The older chips (Bitaxe Max), were supplied midstates
BM1397
the bitcoin header is to big to fit in 1 SHA compression so its split into 2

block0 block1
[midstate0][0,2,3,....]
[midstate1][0,2,3,....]
[midstate2][0,2,3,....]
[midstate3][0,2,3,....]
the purpose is share the message scheduler of SHA1 (first sha second block)
but this budens the controller to send work very fast to the chips

anyway there were 4 midstates and 672 small cores
so that means 168 cores on the chip each core does a independant search on the nonce range
core0 [0,2,3,....]
core1 [0,2,3,....] * offset1
...
core167 [0,2,3,....] * offset167

but how do we divide 168 cores into 2^32, we cant so this means there is a hole in the search.
168/256 = ~62.5% of the nonce space is covered due to the HW cores

in more recent BITMAIN chips
BM1370 we have version rolling

with version rolling
we manipulate the nversion field so we have more space to search, we have 2^16 available values
the BM1370 has 128 cores and 2040 small cores, there are 8 cores missing, 4 cores are missing on core 15 and 4 on core 127
these are the version generators

now our pipeline is more advanced
we generate 16 versions and supply then to each core
core 0 [0,1,2,3,....]
...
core 127 [0,1,2,3,....] * offset128
then we repeat, until 2^16 have run out or 4096 iterations.

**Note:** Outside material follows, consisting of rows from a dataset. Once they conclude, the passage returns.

(* Let $\Delta\ge 4$ be an integer and for positive integers $i,j$ define \[ F(i,j)=(4\Delta-6)\Bigl(\frac{1}{i}+\frac{1}{j}\Bigr)+\Delta^2-6\Delta+3+\frac{6}{\Delta}-(i-j)^2 . \] Then for every integer $i$ with $\left\lfloor \frac{\Delta+3}{2}\right\rfloor+1\le i\le \Delta-1$ we have the strict inequality \[ i\,F(i,2) > F(\Delta,\Delta). \] *)

From mathcomp Require Import all_boot all_order all_algebra.
Set Implicit Arguments. Unset Strict Implicit. Unset Printing Implicit Defensive.
Import Order.TTheory GRing.Theory Num.Theory.
Local Open Scope ring_scope.

Definition F (D i j : nat) : rat :=
  (4 * D%:R - 6) * ((i%:R)^-1 + (j%:R)^-1)
  + (D%:R) ^+ 2 - 6 * D%:R + 3 + 6 / D%:R - (i%:R - j%:R) ^+ 2.

(* For fixed Δ, the quantity 4Δ (i F(i,2) - F(Δ,Δ)) is a cubic in i with negative
   leading coefficient, hence concave on the admissible range (Δ+4)/2 <= i <= Δ-1.
   Writing it as its chord between these endpoints plus the concavity correction
   gives three terms that are visibly nonnegative, the last one, 4Δ(Δ-2)(Δ+1),
   being positive. *)
From mathcomp Require Import all_boot all_order all_algebra.
From mathcomp Require Import ring lra.
Import Order.TTheory GRing.Theory Num.Theory.
Local Open Scope ring_scope.

Definition gap_poly {R : comPzRingType} (d x : R) : R :=
  d * (2 * x - d - 4) * (d - 1 - x) * (2 * x + 3 * d - 6)
  + (d - 1 - x) * (3 * d ^+ 3 - 2 * d ^+ 2 + 12 * d - 24)
  + 4 * d * (d - 2) * (d + 1).

Lemma gap_poly_gt0 (R : realDomainType) (d x : R) :
  2 < d -> d + 4 <= 2 * x -> x <= d - 1 -> 0 < gap_poly d x.
Proof.
move=> d_gt2 lo hi.
have concavity : 0 <= d * (2 * x - d - 4) * (d - 1 - x) * (2 * x + 3 * d - 6).
  by rewrite !mulr_ge0 //; lra.
have slope : 0 <= (d - 1 - x) * (3 * d ^+ 3 - 2 * d ^+ 2 + 12 * d - 24).
  rewrite mulr_ge0 //; first lra.
  have -> : 3 * d ^+ 3 - 2 * d ^+ 2 + 12 * d - 24 = d ^+ 2 * (3 * d - 2) + 12 * (d - 2).
    by ring.
  by rewrite addr_ge0 // mulr_ge0 ?sqr_ge0 //; lra.
have right_end : 0 < 4 * d * (d - 2) * (d + 1) by rewrite !mulr_gt0 //; lra.
rewrite /gap_poly; lra.
Qed.

Lemma F_gap_scaled (D i : nat) : D != 0%N -> i != 0%N ->
  4 * D%:R * (i%:R * F D i 2 - F D D D) = gap_poly (D%:R : rat) i%:R.
Proof.
move=> D_neq0 i_neq0.
by rewrite /F /gap_poly; field; rewrite !pnatr_eq0 D_neq0 i_neq0.
Qed.

Theorem lemma4p2 (D i : nat) (hD : (4 <= D)%N)
  (hlo : ((D + 3)./2 + 1 <= i)%N) (hhi : (i <= D - 1)%N) :
  i%:R * F D i 2 > F D D D.
Proof.
have lo : (D + 4 <= i.*2)%N by move: hlo; rewrite addn1 ltn_half_double addn3 addn4.
have D_gt2 : (2 < D)%N by apply: leq_trans hD.
have D_gt0 : (0 < D)%N by apply: ltn_trans D_gt2.
have i_gt0 : (0 < i)%N by rewrite -double_gt0; apply: leq_trans lo; rewrite addn4.
have scale_gt0 : 0 < 4 * D%:R :> rat by rewrite mulr_gt0 ?ltr0n.
rewrite -subr_gt0 -(pmulr_rgt0 _ scale_gt0) F_gap_scaled -?lt0n //.
apply: gap_poly_gt0; first by rewrite ltr_nat.
- by rewrite -natrM -natrD ler_nat mul2n.
- rewrite lerBrDr natr1 ler_nat; apply: leq_ltn_trans hhi _.
  by rewrite subn1 ltn_predL.
Qed.
(* Let $(X,\rho)$ be a metric space, $f\colon[0,\infty)\to[0,\infty)$ an unbounded modulus, $(A_i)\subset CL(X)$ and $A\in CL(X)$. Then $(A_i)$ is $f$-Wijsman statistically convergent to $A$ if and only if for each $x\in X$ there exists $K_x\subseteq\mathbb N$ such that $d^f(K_x)=0$ and $\lim_{i\to\infty,\ i\in\mathbb N\setminus K_x} d(x,A_i)=d(x,A)$.
   Context: A modulus is a function $f\colon[0,\infty)\to[0,\infty)$ such that $f(x)=0$ iff $x=0$, $f$ is subadditive, increasing and continuous. $CL(X)$ denotes the set of all non-empty closed subsets of $(X,\rho)$, and $d(x,B)=\inf_{y\in B}\rho(x,y)$. For an unbounded modulus $f$ and $K\subseteq\mathbb N$, the $f$-density is $d^f(K)=\lim_{n\to\infty}\frac{f(|\{k\le n:k\in K\}|)}{f(n)}$ (when the limit exists). A real sequence $(x_k)$ is $f$-statistically convergent to $l$ if for every $\varepsilon>0$ the set $\{k:|x_k-l|\ge\varepsilon\}$ has $f$-density $0$. $(A_i)$ is $f$-Wijsman statistically convergent to $A$ if for every $x\in X$ the sequence $(d(x,A_i))$ is $f$-statistically convergent to $d(x,A)$. *)

From HB Require Import structures.
From mathcomp Require Import all_boot all_order all_algebra.
From mathcomp Require Import all_classical all_reals all_analysis.
Set Implicit Arguments. Unset Strict Implicit. Unset Printing Implicit Defensive.
Import Order.TTheory GRing.Theory Num.Theory numFieldNormedType.Exports.
Local Open Scope classical_set_scope.
Local Open Scope ring_scope.

Section Defs.
Variable R : realType.

Definition is_metric (X : Type) (rho : X -> X -> R) : Prop :=
  [/\ forall x y, 0 <= rho x y,
      forall x y, rho x y = 0 <-> x = y,
      forall x y, rho x y = rho y x &
      forall x y z, rho x z <= rho x y + rho y z].

Definition mclosed (X : Type) (rho : X -> X -> R) (B : set X) : Prop :=
  forall x, (forall e : R, 0 < e -> exists2 y, B y & rho x y < e) -> B x.

Definition in_CL (X : Type) (rho : X -> X -> R) (B : set X) : Prop :=
  B !=set0 /\ mclosed rho B.

Definition dist_set (X : Type) (rho : X -> X -> R) (x : X) (B : set X) : R :=
  inf [set rho x y | y in B].

(* f : [0,oo) -> [0,oo) is a modulus (represented as f : R -> R, only its
   values on [0,oo) matter) *)
Definition modulus (f : R -> R) : Prop :=
  [/\ forall x, 0 <= x -> 0 <= f x,
      forall x, 0 <= x -> (f x = 0 <-> x = 0),
      forall x y, 0 <= x -> 0 <= y -> f (x + y) <= f x + f y,
      forall x y, 0 <= x -> x <= y -> f x <= f y &
      {within [set x : R | 0 <= x], continuous f}].

Definition unbounded_fun (f : R -> R) : Prop :=
  forall M : R, exists2 x, 0 <= x & M < f x.

Definition count_upto (K : set nat) (n : nat) : R :=
  (\sum_(k < n.+1) ((nat_of_ord k) \in K)%:R).

Definition fdensity_zero (f : R -> R) (K : set nat) : Prop :=
  (fun n : nat => f (count_upto K n) / f n%:R) @ \oo --> (0 : R).

Definition fstat_cvg (f : R -> R) (u : nat -> R) (l : R) : Prop :=
  forall e : R, 0 < e -> fdensity_zero f [set k | e <= `|u k - l|].

Definition fWijsman_stat (X : Type) (rho : X -> X -> R) (f : R -> R)
  (A_ : nat -> set X) (A : set X) : Prop :=
  forall x : X, fstat_cvg f (fun i => dist_set rho x (A_ i)) (dist_set rho x A).

Definition lim_outside (K : set nat) (u : nat -> R) (l : R) : Prop :=
  forall e : R, 0 < e -> exists N : nat, forall i, (N <= i)%N -> ~ K i ->
    `|u i - l| < e.

End Defs.

From HB Require Import structures.
From mathcomp Require Import all_boot all_order all_algebra.
From mathcomp Require Import all_classical all_reals all_analysis.
From mathcomp Require Import zify.
Set Implicit Arguments. Unset Strict Implicit. Unset Printing Implicit Defensive.
Import Order.TTheory GRing.Theory Num.Theory numFieldNormedType.Exports.
Local Open Scope classical_set_scope.
Local Open Scope ring_scope.

(* If d^f(K) = 0 and u -> l off K, then the set
   {i | e <= |u i - l|} lies in K up to finitely many indices; by subadditivity
   a finite set adds at most a constant to f(|K /\ [0, n]|), which is
   negligible against f(n) -> +oo.  Conversely, the sets
   K_j = {i | 1/(j+1) <= |u i - l|} increase with j and have f-density zero;
   gluing their tails beyond suitably late thresholds N_j gives a single set of
   f-density zero outside of which u -> l. *)

Section CountUpto.
Context {R : realType}.
Local Notation count_upto := (@count_upto R).

Lemma count_upto_ge0 K n : 0 <= count_upto K n.
Proof. by apply: sumr_ge0 => i _; exact: ler0n. Qed.

Lemma le_count_upto (K K' : set nat) n :
  (forall k, (k <= n)%N -> K k -> K' k) -> count_upto K n <= count_upto K' n.
Proof.
move=> KK'; apply: ler_sum => i _; rewrite ler_nat.
have [/set_mem Ki|//] := boolP (nat_of_ord i \in K).
by rewrite mem_set //; apply: KK' => //; rewrite -ltnS.
Qed.

Lemma sum_ord_ltn_indicator (N m : nat) :
  \sum_(k < m) (nat_of_ord k < N)%:R = (minn m N)%:R :> R.
Proof.
elim: m => [|m IHm]; first by rewrite big_ord0 min0n.
rewrite big_ord_recr /= IHm -natrD; congr (_%:R).
by case: ltnP => /= mN; lia.
Qed.

Lemma count_upto_le_addn (S K : set nat) (N n : nat) :
  (forall k, S k -> K k \/ (k < N)%N) ->
  count_upto S n <= count_upto K n + N%:R.
Proof.
move=> SK; apply: (@le_trans _ _ (\sum_(k < n.+1)
    ((nat_of_ord k \in K)%:R + (nat_of_ord k < N)%:R))).
  apply: ler_sum => i _; rewrite -natrD ler_nat.
  have [/set_mem /SK [/mem_set -> //|->]|//] := boolP (nat_of_ord i \in S).
  by rewrite addn1.
by rewrite big_split /= lerD2l sum_ord_ltn_indicator ler_nat geq_minr.
Qed.

End CountUpto.

Section FDensity.
Variables (R : realType) (f : R -> R).
Hypothesis f_ge0 : forall x, 0 <= x -> 0 <= f x.
Hypothesis f_subadd : forall x y, 0 <= x -> 0 <= y -> f (x + y) <= f x + f y.
Hypothesis f_nondecr : forall x y, 0 <= x -> x <= y -> f x <= f y.
Hypothesis f_unbounded : unbounded_fun f.
Local Notation count_upto := (@count_upto R).

Definition fdensity_ratio (K : set nat) (n : nat) : R :=
  f (count_upto K n) / f n%:R.

Lemma fdensity_ratio_ge0 K n : 0 <= fdensity_ratio K n.
Proof. by rewrite divr_ge0 ?f_ge0 ?count_upto_ge0. Qed.

Lemma le_fdensity_ratio (K K' : set nat) n :
  (forall k, (k <= n)%N -> K k -> K' k) ->
  fdensity_ratio K n <= fdensity_ratio K' n.
Proof.
move=> KK'; rewrite ler_wpM2r ?invr_ge0 ?f_ge0 //.
by rewrite f_nondecr ?count_upto_ge0 ?le_count_upto.
Qed.

Lemma fdensity_zeroP K : fdensity_zero f K <->
  forall e, 0 < e -> exists M, forall n, (M <= n)%N -> fdensity_ratio K n < e.
Proof.
split=> [/cvgrPdist_lt dK e e0 | dK].
  have [M _ KM] := dK e e0; exists M => n /KM.
  by rewrite sub0r normrN ger0_norm // fdensity_ratio_ge0.
apply/cvgrPdist_lt => e e0; have [M KM] := dK e e0.
by exists M => // n /KM; rewrite /= sub0r normrN ger0_norm // fdensity_ratio_ge0.
Qed.

Lemma f_nat_cvgy : f n%:R @[n --> \oo] --> +oo.
Proof.
apply/cvgryPge => A; have [x x0 Ax] := f_unbounded A.
near=> n; apply/ltW/(lt_le_trans Ax)/f_nondecr => //.
by apply/ltW; near: n; exact: nbhs_infty_gtr.
Unshelve. all: by end_near.
Qed.

Lemma cst_div_f_nat_cvg0 c : c / f n%:R @[n --> \oo] --> 0.
Proof.
rewrite -(mulr0 c); apply: cvgMr; apply/gtr0_cvgV0; last exact: f_nat_cvgy.
by have /cvgryPgt := f_nat_cvgy; apply.
Qed.

Lemma fdensity_zero_sub_finite (S K : set nat) (N : nat) :
  (forall k, S k -> K k \/ (k < N)%N) ->
  fdensity_zero f K -> fdensity_zero f S.
Proof.
move=> SK dK.
apply: (@squeeze_cvgr _ _ _ _ (fun=> 0)
   (fun n => fdensity_ratio K n + f N%:R / f n%:R)); last 2 first.
- exact: cvg_cst.
- by rewrite -(addr0 0); apply: cvgD => //; exact: cst_div_f_nat_cvg0.
apply: nearW => n; rewrite fdensity_ratio_ge0 -mulrDl /=.
rewrite ler_wpM2r ?invr_ge0 ?f_ge0 //.
exact: le_trans (f_nondecr (count_upto_ge0 _ _) (count_upto_le_addn n SK))
  (f_subadd (count_upto_ge0 _ _) (ler0n _ _)).
Qed.

Lemma fdensity_zero_diagonal (Kj : nat -> set nat) :
  (forall i j, (i <= j)%N -> Kj i `<=` Kj j) ->
  (forall j, fdensity_zero f (Kj j)) ->
  exists2 K, fdensity_zero f K &
    forall j, exists N, forall k, (N <= k)%N -> Kj j k -> K k.
Proof.
move=> Kj_nondecr dKj.
have /choice[M KjM] : forall j, exists M, forall n, (M <= n)%N ->
    fdensity_ratio (Kj j) n < j.+1%:R^-1.
  by move=> j; have /fdensity_zeroP := dKj j; apply; rewrite invr_gt0 ltr0n.
(* N j >= j bounds the indices j with N j <= n, so a largest one exists *)
pose N j := (M j + j)%N.
pose K := [set k | exists2 j, (N j <= k)%N & Kj j k].
exists K; last by move=> j; exists (N j) => k Nk Kjk; exists j.
apply/fdensity_zeroP => e e0.
have [j0] := ltr_add_invr e0; rewrite add0r => j0e.
exists (N j0) => n Nn.
have N_bounded j : (N j <= n)%N -> (j <= n)%N.
  by move/(leq_trans _); apply; rewrite leq_addl.
have [m Nm m_max] := ex_maxnP (ex_intro (fun j => N j <= n)%N j0 Nn) N_bounded.
apply: (@le_lt_trans _ _ (fdensity_ratio (Kj m) n)).
  apply: le_fdensity_ratio => k kn [j Nj Kjk]; apply: Kj_nondecr Kjk.
  by apply: m_max; exact: leq_trans Nj kn.
apply: (lt_le_trans (KjM m n (leq_trans (leq_addr m (M m)) Nm))).
apply/ltW/(le_lt_trans _ j0e).
by rewrite lef_pV2 ?posrE ?ltr0n // ler_nat ltnS m_max.
Qed.

Lemma fstat_cvg_lim_outside (u : nat -> R) (l : R) :
  fstat_cvg f u l -> exists K, fdensity_zero f K /\ lim_outside K u l.
Proof.
move=> ul; pose Kj j := [set k | j.+1%:R^-1 <= `|u k - l|].
have Kj_nondecr i j : (i <= j)%N -> Kj i `<=` Kj j.
  by move=> ij k /=; apply: le_trans; rewrite lef_pV2 ?posrE ?ltr0n ?ler_nat.
have dKj j : fdensity_zero f (Kj j) by apply: ul; rewrite invr_gt0 ltr0n.
have [K dK KjK] := fdensity_zero_diagonal Kj_nondecr dKj.
exists K; split=> // e e0.
have [j] := ltr_add_invr e0; rewrite add0r => je.
have [N KjK_N] := KjK j; exists N => i Ni Ki.
apply: (lt_trans _ je); rewrite ltNge; apply/negP => /(KjK_N i Ni); exact: Ki.
Qed.

Lemma lim_outside_fstat_cvg (K : set nat) (u : nat -> R) (l : R) :
  fdensity_zero f K -> lim_outside K u l -> fstat_cvg f u l.
Proof.
move=> dK uKl e e0; have [N KN] := uKl e e0.
apply: (fdensity_zero_sub_finite (N:=N)) dK.
move=> k /= ek; have [Kk|nKk] := pselect (K k); [by left | right].
by rewrite ltnNge; apply/negP => Nk; have := KN k Nk nKk; rewrite ltNge ek.
Qed.

End FDensity.

Theorem theorem2p10 (R : realType) (X : Type) (rho : X -> X -> R)
  (hrho : is_metric rho) (f : R -> R) (hf : modulus f) (hfu : unbounded_fun f)
  (A_ : nat -> set X) (A : set X)
  (hAi : forall i, in_CL rho (A_ i)) (hA : in_CL rho A) :
  fWijsman_stat rho f A_ A <->
  (forall x : X, exists K : set nat,
     fdensity_zero f K /\
     lim_outside K (fun i => dist_set rho x (A_ i)) (dist_set rho x A)).
Proof.
case: hf => f_ge0 _ f_subadd f_nondecr _.
split=> [Wstat x | lim_off x].
  exact: (fstat_cvg_lim_outside f_ge0 f_nondecr (Wstat x)).
have [K [dK lK]] := lim_off x.
exact: (lim_outside_fstat_cvg f_ge0 f_subadd f_nondecr hfu dK lK).
Qed.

Finally these ideas easily extend to multiple chips
when we have multiple chips we must also divide the nonce/version space per chip, then we can parellize.

CHIP 0
core n CHIP0 offset + [0,1,2,3,....] * n

CHIP 1
core n CHIP1 offset + [0,1,2,3,....] * n

In a simple system we have the following equation
time = size / freq
the PR tries to figure out the above timeout equation for different configurations

Finally, the nonce and version space is configurable as well.
currently in ESP-miner the nonce range is roughly 1/64

To control nonces we need hash counting number register
The hcn is a nonce limiter, and after it completes and restarts a new version is generated

figuring out the Maximum HCN is a solution to a dynamic equation, this enables setting the whole nonce space for different frequencies, chip length chains and core counts.

float hcn_space = (float)NONCE_SPACE / big_cores_up / asic_count_up;
double hcn_max = hcn_space * (double)FREQ_MULT / frequency * 0.5f; 

Note: The size is dependent on frequency which is odd.

after calculating the HCN max which is the equivalent to nonce space 100%, the timeout is easy, you just need non parallel space of the chip and frequency

double fullspace_timeout_s = serial_versions * serial_nonces / ((double)frequency_mhz * 1000.0 * 1000.0);

Additional Note

  • The CNO allows 16 bit division in the BM1370 of a chain of chips

This should work for any versions/hcn value/frequency/chip count

Testing TODO
hex
gammaturbo
gamma
supra
ultra
max
naja

@adammwest adammwest changed the title WIP: Fullscans WIP: Calulating fullscan_ms and space computed by the chip Oct 20, 2024
@adammwest adammwest changed the title WIP: Calulating fullscan_ms and space computed by the chip WIP: Calculating fullscan_ms and space computed by the chip Oct 20, 2024
@adammwest adammwest changed the title WIP: Calculating fullscan_ms and space computed by the chip Calculating fullscan_ms and space computed by the chip Oct 25, 2024
@adammwest adammwest changed the title Calculating fullscan_ms and space computed by the chip Calculating scan time and space computed by the chip Oct 25, 2024
@adammwest adammwest changed the title Calculating scan time and space computed by the chip Calculating scan time and space computed by BM chips Oct 25, 2024
@adammwest adammwest changed the title Calculating scan time and space computed by BM chips fix: Calculating scan time and space computed by BM chips Nov 7, 2024
@mutatrum
Copy link
Collaborator

mutatrum commented Nov 21, 2024

There is an off-by-one error somewhere:

I (17578) ASIC_task: ASIC Job Interval: 1812.53 ms
[...]
I (18228) create_jobs_task: Set chip version rolls 65535
I (18228) stratum_task: rx: {"params":[10000],"id":null,"method":"mining.set_difficulty"}
I (18238) create_jobs_task: Set chip fullscan 1812.498908

coming from this code in create_jobs_task.c:

            //calulate update to fullscan_ms as new version rolling
            double new_version_percent = (double)version_rolls / (double)65536.0;
            double prcnt_change = new_version_percent/GLOBAL_STATE->version_space_percent;
            GLOBAL_STATE->asic_job_frequency_ms *= prcnt_change;
            GLOBAL_STATE->version_space_percent = new_version_percent;
            ESP_LOGI(TAG, "Set chip fullscan %f", GLOBAL_STATE->asic_job_frequency_ms);

I set the BM1368_FULLSCAN_PERCENT to 1.0. The initial asic job interval is set 1/65536 shorter. Don't think that's supposed to happen?

Should it be:

            double new_version_percent = (double)(version_rolls + 1) / (double)65536.0;

Not sure where the 65536.0 is coming from? Is that the maximum it can be?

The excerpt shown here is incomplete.